==== RAW DATA

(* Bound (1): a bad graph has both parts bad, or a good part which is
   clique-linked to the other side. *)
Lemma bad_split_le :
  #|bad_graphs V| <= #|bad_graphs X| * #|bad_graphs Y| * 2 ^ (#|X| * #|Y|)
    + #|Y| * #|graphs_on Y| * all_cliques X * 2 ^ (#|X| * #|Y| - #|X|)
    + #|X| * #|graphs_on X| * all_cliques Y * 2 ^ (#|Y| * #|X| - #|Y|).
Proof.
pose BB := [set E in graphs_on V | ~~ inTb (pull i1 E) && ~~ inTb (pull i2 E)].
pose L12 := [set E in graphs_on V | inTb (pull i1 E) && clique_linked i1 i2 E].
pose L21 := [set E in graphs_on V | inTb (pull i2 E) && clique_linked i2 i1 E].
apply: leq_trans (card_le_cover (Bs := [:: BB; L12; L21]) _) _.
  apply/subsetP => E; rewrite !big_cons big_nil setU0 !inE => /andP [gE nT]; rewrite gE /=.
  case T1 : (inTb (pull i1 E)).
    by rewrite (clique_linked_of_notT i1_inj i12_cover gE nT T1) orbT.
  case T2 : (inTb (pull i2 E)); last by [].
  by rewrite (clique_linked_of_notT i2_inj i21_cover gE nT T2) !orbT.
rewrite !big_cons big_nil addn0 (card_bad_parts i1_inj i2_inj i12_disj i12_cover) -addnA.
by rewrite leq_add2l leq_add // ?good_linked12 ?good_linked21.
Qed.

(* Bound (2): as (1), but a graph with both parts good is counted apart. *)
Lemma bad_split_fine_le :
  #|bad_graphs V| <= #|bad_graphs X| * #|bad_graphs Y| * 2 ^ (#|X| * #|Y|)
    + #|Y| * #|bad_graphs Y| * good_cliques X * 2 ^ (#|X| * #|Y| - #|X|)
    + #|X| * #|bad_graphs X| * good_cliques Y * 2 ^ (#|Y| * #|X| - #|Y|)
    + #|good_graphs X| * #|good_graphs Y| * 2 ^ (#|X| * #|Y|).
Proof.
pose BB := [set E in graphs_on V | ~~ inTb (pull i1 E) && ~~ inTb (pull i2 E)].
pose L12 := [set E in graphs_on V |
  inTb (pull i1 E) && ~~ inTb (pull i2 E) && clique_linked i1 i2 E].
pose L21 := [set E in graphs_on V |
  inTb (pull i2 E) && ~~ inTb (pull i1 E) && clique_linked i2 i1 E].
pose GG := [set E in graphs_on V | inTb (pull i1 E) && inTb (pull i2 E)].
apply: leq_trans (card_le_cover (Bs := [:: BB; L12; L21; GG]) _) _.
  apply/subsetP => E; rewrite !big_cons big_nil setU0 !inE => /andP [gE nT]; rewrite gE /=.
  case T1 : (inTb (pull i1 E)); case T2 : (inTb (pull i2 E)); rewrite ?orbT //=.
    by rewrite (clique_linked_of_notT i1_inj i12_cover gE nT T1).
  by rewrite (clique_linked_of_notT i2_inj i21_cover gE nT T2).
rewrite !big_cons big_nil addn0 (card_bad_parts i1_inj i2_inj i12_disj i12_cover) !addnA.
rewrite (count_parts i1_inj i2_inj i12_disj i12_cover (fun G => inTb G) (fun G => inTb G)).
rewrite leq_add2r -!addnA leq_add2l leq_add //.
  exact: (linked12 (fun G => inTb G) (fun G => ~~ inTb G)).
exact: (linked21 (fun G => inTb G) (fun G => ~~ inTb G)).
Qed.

========

> **TASK DIRECTIONS**: Produce the lines from the top of the listing through the "nT T1) orbT." line exactly as they appear, with no additional output.

> **ANSWER TO THIS TASK**:
(* Bound (1): a bad graph has both parts bad, or a good part which is
   clique-linked to the other side. *)
Lemma bad_split_le :
  #|bad_graphs V| <= #|bad_graphs X| * #|bad_graphs Y| * 2 ^ (#|X| * #|Y|)
    + #|Y| * #|graphs_on Y| * all_cliques X * 2 ^ (#|X| * #|Y| - #|X|)
    + #|X| * #|graphs_on X| * all_cliques Y * 2 ^ (#|Y| * #|X| - #|Y|).
Proof.
pose BB := [set E in graphs_on V | ~~ inTb (pull i1 E) && ~~ inTb (pull i2 E)].
pose L12 := [set E in graphs_on V | inTb (pull i1 E) && clique_linked i1 i2 E].
pose L21 := [set E in graphs_on V | inTb (pull i2 E) && clique_linked i2 i1 E].
apply: leq_trans (card_le_cover (Bs := [:: BB; L12; L21]) _) _.
  apply/subsetP => E; rewrite !big_cons big_nil setU0 !inE => /andP [gE nT]; rewrite gE /=.
  case T1 : (inTb (pull i1 E)).
    by rewrite (clique_linked_of_notT i1_inj i12_cover gE nT T1) orbT.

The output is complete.